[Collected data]
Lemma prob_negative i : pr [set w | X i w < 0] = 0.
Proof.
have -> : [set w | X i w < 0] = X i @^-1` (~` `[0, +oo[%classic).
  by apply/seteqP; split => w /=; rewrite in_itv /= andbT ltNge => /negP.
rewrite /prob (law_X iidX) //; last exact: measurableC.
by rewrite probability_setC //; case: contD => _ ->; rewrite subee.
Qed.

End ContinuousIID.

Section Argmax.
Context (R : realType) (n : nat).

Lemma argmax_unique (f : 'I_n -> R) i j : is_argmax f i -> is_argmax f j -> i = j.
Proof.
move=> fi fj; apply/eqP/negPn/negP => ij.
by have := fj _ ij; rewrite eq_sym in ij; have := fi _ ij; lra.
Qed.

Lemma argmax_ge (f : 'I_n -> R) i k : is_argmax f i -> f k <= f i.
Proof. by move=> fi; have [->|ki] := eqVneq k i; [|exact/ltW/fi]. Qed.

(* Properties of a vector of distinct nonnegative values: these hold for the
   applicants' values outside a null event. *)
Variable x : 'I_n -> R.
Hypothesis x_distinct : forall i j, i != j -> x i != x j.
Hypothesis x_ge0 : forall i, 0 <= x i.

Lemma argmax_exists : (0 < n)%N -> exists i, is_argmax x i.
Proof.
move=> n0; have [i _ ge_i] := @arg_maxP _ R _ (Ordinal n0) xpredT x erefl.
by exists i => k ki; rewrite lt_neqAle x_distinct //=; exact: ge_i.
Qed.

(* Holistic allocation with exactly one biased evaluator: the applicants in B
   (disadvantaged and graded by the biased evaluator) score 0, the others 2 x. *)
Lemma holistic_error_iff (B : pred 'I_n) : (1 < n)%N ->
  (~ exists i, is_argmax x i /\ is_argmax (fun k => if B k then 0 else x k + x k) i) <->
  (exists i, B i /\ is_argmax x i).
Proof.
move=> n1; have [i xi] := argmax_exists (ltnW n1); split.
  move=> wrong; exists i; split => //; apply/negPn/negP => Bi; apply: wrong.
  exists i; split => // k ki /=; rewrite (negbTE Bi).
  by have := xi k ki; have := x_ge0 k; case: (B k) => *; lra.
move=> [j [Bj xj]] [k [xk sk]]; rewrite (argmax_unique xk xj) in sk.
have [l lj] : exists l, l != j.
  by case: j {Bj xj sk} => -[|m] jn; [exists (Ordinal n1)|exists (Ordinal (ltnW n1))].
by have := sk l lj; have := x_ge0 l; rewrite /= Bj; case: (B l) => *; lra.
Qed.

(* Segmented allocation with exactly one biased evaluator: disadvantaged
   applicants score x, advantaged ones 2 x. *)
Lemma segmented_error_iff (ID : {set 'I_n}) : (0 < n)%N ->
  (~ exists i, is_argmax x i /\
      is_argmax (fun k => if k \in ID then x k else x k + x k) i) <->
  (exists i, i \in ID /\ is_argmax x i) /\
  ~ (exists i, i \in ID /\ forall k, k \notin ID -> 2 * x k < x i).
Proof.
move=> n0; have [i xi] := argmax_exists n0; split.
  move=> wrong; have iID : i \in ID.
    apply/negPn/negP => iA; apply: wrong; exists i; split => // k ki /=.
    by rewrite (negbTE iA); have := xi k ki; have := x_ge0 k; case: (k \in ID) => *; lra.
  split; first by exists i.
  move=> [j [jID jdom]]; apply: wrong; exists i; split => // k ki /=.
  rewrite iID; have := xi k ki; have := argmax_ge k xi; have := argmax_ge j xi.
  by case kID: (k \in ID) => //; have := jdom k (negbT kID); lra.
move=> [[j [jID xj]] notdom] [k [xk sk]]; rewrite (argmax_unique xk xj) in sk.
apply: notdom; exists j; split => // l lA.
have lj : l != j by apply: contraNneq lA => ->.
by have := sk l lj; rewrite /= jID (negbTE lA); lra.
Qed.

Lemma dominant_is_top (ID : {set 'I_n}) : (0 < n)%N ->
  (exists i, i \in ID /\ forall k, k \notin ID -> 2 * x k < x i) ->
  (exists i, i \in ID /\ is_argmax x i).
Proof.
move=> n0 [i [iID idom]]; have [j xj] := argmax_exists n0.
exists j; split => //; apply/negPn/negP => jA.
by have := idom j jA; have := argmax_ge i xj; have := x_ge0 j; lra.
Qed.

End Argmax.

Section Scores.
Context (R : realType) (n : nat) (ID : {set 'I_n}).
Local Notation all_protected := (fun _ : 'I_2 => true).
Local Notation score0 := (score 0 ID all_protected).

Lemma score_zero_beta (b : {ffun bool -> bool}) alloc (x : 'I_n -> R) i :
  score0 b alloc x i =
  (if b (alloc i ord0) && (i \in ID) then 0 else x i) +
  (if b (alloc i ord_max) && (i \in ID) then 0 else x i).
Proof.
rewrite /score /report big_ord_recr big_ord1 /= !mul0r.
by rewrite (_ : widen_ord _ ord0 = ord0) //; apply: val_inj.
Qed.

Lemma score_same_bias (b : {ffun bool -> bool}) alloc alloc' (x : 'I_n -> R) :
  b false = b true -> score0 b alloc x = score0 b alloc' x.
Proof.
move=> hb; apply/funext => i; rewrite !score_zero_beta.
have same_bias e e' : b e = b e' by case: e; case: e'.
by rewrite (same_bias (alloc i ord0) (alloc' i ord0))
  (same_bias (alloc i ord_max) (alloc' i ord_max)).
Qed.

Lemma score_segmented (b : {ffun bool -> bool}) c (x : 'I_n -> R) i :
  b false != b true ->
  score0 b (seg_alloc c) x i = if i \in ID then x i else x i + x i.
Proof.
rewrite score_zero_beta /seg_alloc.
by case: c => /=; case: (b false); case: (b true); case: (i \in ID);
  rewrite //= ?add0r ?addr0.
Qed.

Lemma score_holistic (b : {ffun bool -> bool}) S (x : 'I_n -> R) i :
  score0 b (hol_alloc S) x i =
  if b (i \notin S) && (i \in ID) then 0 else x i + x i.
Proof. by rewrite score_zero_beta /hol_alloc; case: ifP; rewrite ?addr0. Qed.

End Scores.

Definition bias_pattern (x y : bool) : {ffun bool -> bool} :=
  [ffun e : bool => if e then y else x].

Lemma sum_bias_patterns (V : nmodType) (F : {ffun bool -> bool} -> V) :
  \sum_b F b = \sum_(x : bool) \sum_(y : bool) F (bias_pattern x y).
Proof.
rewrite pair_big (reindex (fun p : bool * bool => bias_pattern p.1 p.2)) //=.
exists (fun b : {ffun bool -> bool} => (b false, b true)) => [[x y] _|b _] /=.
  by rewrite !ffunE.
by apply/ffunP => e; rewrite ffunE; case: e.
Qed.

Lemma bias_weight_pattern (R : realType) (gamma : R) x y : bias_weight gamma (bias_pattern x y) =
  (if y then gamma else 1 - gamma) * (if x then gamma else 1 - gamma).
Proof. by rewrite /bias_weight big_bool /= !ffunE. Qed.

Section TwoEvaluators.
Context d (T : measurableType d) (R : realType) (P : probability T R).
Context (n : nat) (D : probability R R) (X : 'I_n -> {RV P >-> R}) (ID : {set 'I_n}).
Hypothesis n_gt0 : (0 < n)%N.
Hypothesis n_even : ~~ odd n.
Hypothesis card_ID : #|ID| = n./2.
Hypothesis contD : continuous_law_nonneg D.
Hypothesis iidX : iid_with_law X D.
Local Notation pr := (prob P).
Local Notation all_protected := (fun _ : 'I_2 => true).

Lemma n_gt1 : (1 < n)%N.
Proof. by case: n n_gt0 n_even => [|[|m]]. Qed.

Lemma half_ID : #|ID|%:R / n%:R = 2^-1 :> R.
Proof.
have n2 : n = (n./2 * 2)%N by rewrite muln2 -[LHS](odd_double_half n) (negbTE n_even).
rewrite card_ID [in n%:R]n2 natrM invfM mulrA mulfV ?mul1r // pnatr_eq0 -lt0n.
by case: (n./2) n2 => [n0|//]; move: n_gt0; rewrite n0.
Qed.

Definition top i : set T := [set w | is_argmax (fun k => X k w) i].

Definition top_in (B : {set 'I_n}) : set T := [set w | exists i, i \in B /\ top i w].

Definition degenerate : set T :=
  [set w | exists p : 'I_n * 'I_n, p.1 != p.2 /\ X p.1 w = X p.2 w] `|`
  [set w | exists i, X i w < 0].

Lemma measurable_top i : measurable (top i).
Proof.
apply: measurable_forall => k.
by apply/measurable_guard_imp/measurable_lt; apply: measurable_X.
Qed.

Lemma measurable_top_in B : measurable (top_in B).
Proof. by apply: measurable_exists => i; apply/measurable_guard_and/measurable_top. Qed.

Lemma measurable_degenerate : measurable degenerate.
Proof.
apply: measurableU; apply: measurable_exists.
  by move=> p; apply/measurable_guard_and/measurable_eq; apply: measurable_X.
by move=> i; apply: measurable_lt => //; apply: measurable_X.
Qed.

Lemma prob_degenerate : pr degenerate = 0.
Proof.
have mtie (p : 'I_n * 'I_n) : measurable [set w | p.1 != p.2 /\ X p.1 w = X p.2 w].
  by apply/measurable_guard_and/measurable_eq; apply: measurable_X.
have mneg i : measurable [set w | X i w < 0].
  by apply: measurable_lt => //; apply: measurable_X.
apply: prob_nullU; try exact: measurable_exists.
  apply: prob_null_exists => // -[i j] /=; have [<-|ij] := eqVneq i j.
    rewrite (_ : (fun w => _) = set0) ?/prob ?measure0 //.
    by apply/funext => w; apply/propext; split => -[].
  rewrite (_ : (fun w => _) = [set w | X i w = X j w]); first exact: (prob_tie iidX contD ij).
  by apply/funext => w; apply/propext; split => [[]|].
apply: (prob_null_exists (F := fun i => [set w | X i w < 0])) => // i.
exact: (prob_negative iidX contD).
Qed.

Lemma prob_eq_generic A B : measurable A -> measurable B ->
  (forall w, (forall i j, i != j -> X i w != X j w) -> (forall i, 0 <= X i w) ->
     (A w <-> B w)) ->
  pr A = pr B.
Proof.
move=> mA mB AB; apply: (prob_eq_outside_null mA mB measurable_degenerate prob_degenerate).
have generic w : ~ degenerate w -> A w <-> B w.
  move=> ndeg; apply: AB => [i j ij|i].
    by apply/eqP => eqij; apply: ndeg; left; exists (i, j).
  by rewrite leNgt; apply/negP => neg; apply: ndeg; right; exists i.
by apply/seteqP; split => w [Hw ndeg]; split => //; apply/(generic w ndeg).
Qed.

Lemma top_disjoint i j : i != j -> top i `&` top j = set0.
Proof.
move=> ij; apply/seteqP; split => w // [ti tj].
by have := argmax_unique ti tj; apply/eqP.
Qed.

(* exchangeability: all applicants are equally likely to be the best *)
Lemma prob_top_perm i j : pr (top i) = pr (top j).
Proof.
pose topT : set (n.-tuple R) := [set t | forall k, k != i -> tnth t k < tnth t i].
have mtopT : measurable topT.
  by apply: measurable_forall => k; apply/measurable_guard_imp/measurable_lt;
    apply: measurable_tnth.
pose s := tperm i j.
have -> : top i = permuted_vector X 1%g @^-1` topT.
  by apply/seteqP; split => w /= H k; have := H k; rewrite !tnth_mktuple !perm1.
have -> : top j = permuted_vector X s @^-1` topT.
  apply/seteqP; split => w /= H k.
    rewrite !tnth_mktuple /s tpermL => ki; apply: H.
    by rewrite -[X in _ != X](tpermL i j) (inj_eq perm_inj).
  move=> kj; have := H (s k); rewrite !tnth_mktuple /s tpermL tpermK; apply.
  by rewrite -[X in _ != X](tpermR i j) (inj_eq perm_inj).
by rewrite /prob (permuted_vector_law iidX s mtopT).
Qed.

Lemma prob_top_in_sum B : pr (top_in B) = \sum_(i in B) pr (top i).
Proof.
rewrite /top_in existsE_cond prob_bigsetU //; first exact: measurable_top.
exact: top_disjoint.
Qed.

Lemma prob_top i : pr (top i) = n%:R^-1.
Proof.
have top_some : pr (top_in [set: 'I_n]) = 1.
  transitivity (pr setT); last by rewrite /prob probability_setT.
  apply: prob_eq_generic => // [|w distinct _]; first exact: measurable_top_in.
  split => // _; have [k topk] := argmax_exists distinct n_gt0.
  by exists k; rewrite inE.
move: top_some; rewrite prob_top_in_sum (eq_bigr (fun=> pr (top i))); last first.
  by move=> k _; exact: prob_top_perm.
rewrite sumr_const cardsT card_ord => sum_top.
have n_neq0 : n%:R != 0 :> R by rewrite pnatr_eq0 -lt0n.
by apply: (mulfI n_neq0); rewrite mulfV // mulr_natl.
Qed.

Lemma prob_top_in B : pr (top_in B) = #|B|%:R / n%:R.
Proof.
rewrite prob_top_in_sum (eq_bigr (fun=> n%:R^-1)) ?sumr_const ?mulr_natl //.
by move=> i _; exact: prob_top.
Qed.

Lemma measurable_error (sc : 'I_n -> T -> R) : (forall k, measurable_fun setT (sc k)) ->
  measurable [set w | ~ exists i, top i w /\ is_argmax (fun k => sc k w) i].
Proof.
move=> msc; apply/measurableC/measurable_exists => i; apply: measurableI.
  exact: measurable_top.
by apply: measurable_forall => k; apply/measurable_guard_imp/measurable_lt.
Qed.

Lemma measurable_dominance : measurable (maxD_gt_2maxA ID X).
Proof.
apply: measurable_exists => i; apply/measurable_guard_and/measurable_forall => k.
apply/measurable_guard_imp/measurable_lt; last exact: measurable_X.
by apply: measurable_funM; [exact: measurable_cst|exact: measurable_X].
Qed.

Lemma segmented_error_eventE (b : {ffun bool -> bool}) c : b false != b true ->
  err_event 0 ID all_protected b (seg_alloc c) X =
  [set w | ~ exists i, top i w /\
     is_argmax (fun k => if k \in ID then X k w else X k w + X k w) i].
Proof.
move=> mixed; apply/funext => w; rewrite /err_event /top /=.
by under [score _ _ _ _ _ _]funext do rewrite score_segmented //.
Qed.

==

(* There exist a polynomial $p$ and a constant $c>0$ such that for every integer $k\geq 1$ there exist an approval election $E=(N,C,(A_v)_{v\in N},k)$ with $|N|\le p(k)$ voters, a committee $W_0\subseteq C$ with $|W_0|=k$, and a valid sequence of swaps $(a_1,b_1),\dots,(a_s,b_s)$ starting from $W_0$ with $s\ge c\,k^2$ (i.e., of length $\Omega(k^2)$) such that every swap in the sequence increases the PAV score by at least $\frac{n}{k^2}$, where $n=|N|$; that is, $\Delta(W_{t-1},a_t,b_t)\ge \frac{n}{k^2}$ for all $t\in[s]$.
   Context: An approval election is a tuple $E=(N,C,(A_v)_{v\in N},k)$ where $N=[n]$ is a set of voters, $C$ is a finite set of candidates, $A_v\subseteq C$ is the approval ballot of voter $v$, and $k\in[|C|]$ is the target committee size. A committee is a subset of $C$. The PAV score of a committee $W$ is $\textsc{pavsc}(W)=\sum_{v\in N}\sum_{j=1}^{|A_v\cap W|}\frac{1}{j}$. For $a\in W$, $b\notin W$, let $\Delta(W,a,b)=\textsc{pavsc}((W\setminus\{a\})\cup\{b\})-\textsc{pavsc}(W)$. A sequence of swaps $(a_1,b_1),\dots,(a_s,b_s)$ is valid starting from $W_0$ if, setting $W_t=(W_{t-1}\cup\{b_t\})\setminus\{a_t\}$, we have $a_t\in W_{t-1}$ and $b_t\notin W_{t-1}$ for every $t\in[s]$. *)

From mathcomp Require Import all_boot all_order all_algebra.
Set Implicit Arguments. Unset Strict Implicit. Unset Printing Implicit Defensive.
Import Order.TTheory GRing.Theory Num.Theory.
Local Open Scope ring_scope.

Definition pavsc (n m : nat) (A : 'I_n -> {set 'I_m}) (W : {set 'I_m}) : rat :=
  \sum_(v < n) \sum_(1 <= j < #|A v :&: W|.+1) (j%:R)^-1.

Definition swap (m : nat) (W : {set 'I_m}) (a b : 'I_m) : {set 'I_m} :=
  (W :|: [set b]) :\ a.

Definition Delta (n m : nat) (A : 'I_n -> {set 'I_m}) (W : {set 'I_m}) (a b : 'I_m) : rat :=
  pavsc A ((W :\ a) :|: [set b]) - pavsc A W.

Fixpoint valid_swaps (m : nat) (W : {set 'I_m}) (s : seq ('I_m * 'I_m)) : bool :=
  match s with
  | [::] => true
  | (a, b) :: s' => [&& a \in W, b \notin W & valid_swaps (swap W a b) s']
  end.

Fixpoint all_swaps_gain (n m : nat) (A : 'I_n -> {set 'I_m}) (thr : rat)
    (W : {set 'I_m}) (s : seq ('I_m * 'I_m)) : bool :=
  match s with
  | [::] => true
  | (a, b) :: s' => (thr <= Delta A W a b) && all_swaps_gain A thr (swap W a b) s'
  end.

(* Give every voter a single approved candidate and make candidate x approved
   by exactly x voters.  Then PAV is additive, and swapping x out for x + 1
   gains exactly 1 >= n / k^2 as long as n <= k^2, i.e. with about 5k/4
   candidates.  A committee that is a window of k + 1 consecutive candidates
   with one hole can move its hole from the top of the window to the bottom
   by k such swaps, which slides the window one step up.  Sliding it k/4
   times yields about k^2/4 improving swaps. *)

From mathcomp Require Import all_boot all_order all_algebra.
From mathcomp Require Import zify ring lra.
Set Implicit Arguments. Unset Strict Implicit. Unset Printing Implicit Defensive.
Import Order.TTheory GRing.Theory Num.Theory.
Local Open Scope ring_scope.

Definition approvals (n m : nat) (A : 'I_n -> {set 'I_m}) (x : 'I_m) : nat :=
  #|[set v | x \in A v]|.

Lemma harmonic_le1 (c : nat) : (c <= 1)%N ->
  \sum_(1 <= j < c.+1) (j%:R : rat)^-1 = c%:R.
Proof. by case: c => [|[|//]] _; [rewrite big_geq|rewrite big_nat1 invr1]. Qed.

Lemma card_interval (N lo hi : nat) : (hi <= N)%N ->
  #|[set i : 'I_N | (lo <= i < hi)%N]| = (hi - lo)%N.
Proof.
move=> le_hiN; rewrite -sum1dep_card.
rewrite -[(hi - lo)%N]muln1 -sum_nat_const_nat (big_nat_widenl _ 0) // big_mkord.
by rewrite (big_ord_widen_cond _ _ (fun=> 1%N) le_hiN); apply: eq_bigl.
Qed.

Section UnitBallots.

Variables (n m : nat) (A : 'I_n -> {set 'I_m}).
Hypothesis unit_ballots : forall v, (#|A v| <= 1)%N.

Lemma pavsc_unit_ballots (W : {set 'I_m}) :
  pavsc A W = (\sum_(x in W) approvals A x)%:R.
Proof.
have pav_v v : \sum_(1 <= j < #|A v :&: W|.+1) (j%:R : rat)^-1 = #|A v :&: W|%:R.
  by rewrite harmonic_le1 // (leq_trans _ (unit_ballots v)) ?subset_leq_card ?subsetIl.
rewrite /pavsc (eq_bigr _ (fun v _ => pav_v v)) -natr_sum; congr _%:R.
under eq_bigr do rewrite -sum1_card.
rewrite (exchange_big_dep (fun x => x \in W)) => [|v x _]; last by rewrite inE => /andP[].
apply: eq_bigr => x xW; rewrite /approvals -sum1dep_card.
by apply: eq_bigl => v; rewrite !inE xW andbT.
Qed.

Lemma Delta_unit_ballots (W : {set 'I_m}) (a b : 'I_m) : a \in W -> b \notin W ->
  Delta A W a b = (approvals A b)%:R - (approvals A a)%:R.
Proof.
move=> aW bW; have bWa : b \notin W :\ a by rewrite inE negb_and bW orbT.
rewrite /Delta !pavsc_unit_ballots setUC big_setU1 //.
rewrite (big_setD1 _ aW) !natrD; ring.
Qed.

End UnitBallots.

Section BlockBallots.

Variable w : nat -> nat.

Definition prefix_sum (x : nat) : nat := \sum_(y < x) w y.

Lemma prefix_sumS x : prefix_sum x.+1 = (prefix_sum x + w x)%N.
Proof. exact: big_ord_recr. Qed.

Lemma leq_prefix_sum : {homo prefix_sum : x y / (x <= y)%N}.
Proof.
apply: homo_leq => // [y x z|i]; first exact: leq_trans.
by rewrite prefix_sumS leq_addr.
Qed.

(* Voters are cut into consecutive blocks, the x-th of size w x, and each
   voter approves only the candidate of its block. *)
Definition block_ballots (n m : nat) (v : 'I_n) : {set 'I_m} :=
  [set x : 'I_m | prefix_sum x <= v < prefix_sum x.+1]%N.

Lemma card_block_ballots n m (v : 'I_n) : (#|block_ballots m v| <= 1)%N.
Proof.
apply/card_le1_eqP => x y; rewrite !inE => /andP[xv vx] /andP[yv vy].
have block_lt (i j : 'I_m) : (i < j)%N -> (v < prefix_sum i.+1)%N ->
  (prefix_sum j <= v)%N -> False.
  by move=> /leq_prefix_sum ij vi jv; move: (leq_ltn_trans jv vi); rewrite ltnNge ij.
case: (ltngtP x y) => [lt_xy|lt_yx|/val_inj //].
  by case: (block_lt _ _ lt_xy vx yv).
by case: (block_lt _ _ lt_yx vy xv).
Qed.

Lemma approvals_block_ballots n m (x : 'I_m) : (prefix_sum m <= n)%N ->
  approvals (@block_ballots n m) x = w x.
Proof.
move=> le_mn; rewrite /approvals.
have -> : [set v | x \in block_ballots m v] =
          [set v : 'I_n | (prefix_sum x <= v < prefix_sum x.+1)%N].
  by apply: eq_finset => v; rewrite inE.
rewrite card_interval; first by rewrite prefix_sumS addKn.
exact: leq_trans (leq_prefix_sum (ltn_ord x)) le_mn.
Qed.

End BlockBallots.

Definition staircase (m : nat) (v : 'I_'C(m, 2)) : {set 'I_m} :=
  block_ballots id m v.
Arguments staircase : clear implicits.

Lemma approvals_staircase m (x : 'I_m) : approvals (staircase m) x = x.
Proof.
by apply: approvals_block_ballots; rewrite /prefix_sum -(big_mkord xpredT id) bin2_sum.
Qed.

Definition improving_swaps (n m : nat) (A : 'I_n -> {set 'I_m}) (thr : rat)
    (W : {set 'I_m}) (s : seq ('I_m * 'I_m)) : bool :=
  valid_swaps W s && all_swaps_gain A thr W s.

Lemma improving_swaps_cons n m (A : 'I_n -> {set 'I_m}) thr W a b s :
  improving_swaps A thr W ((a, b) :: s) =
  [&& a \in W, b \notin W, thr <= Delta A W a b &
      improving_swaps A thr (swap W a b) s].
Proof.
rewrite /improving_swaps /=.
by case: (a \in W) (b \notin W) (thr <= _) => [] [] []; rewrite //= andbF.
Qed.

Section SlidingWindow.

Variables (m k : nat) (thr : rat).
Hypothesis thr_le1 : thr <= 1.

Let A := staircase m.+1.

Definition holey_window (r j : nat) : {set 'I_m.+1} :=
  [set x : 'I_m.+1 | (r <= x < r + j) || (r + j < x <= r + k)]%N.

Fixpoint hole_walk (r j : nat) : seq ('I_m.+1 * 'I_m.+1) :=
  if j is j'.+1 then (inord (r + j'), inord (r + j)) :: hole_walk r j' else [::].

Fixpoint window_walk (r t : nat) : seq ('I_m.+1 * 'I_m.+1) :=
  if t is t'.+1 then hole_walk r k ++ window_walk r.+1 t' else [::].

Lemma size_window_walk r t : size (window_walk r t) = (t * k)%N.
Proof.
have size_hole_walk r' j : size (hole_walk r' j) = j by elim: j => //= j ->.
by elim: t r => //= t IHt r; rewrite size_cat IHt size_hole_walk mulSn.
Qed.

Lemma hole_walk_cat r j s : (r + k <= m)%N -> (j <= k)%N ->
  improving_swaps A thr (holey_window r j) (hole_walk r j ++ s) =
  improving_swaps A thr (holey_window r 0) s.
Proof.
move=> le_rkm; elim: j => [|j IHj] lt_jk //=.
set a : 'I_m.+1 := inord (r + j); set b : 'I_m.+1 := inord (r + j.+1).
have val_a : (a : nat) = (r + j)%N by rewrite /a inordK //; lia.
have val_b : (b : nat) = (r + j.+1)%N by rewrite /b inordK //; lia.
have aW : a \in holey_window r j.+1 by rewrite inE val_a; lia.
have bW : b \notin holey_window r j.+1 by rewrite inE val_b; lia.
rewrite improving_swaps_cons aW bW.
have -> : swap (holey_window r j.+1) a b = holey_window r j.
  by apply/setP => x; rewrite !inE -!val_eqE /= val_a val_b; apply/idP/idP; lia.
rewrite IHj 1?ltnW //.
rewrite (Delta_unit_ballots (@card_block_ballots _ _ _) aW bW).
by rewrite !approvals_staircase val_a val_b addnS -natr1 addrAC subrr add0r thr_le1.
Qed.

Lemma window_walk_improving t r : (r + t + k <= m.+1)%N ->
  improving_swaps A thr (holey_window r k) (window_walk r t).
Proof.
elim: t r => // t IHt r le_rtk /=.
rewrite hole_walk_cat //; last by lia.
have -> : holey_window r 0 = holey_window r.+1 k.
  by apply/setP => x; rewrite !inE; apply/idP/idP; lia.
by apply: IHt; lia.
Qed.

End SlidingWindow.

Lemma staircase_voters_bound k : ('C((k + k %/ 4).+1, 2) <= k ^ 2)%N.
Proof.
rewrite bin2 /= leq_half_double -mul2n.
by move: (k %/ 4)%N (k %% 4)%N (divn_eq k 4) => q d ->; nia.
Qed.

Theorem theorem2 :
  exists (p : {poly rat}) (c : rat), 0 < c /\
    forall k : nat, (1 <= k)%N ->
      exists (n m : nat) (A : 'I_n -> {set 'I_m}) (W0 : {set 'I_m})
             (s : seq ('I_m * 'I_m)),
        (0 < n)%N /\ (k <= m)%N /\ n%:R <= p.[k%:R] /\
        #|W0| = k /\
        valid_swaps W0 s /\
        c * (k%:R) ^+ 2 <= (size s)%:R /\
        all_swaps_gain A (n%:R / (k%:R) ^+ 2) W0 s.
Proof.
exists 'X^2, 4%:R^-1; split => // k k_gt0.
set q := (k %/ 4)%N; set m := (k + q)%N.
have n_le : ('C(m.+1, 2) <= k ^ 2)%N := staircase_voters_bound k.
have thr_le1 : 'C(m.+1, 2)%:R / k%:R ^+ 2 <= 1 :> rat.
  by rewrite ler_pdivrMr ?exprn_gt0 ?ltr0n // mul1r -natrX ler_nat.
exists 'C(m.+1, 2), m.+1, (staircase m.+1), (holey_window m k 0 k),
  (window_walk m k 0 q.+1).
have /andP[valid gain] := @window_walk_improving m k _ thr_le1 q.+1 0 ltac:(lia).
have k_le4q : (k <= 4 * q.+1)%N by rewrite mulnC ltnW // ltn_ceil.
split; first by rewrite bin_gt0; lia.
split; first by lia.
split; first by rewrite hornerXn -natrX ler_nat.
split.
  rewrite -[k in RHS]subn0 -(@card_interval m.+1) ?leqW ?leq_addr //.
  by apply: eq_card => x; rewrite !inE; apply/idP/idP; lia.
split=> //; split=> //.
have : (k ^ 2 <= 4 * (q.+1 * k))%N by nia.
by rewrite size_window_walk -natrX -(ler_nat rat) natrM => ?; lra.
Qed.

What the task requires: Looking at the entries above, can you reproduce exactly the lines from the one that holds "rewrite !tnth_mktuple /s tpermL =>" through the one that holds "transitivity (pr setT);", and only those?

Answer space:
    rewrite !tnth_mktuple /s tpermL => ki; apply: H.
    by rewrite -[X in _ != X](tpermL i j) (inj_eq perm_inj).
  move=> kj; have := H (s k); rewrite !tnth_mktuple /s tpermL tpermK; apply.
  by rewrite -[X in _ != X](tpermR i j) (inj_eq perm_inj).
by rewrite /prob (permuted_vector_law iidX s mtopT).
Qed.

Lemma prob_top_in_sum B : pr (top_in B) = \sum_(i in B) pr (top i).
Proof.
rewrite /top_in existsE_cond prob_bigsetU //; first exact: measurable_top.
exact: top_disjoint.
Qed.

Lemma prob_top i : pr (top i) = n%:R^-1.
Proof.
have top_some : pr (top_in [set: 'I_n]) = 1.
  transitivity (pr setT); last by rewrite /prob probability_setT.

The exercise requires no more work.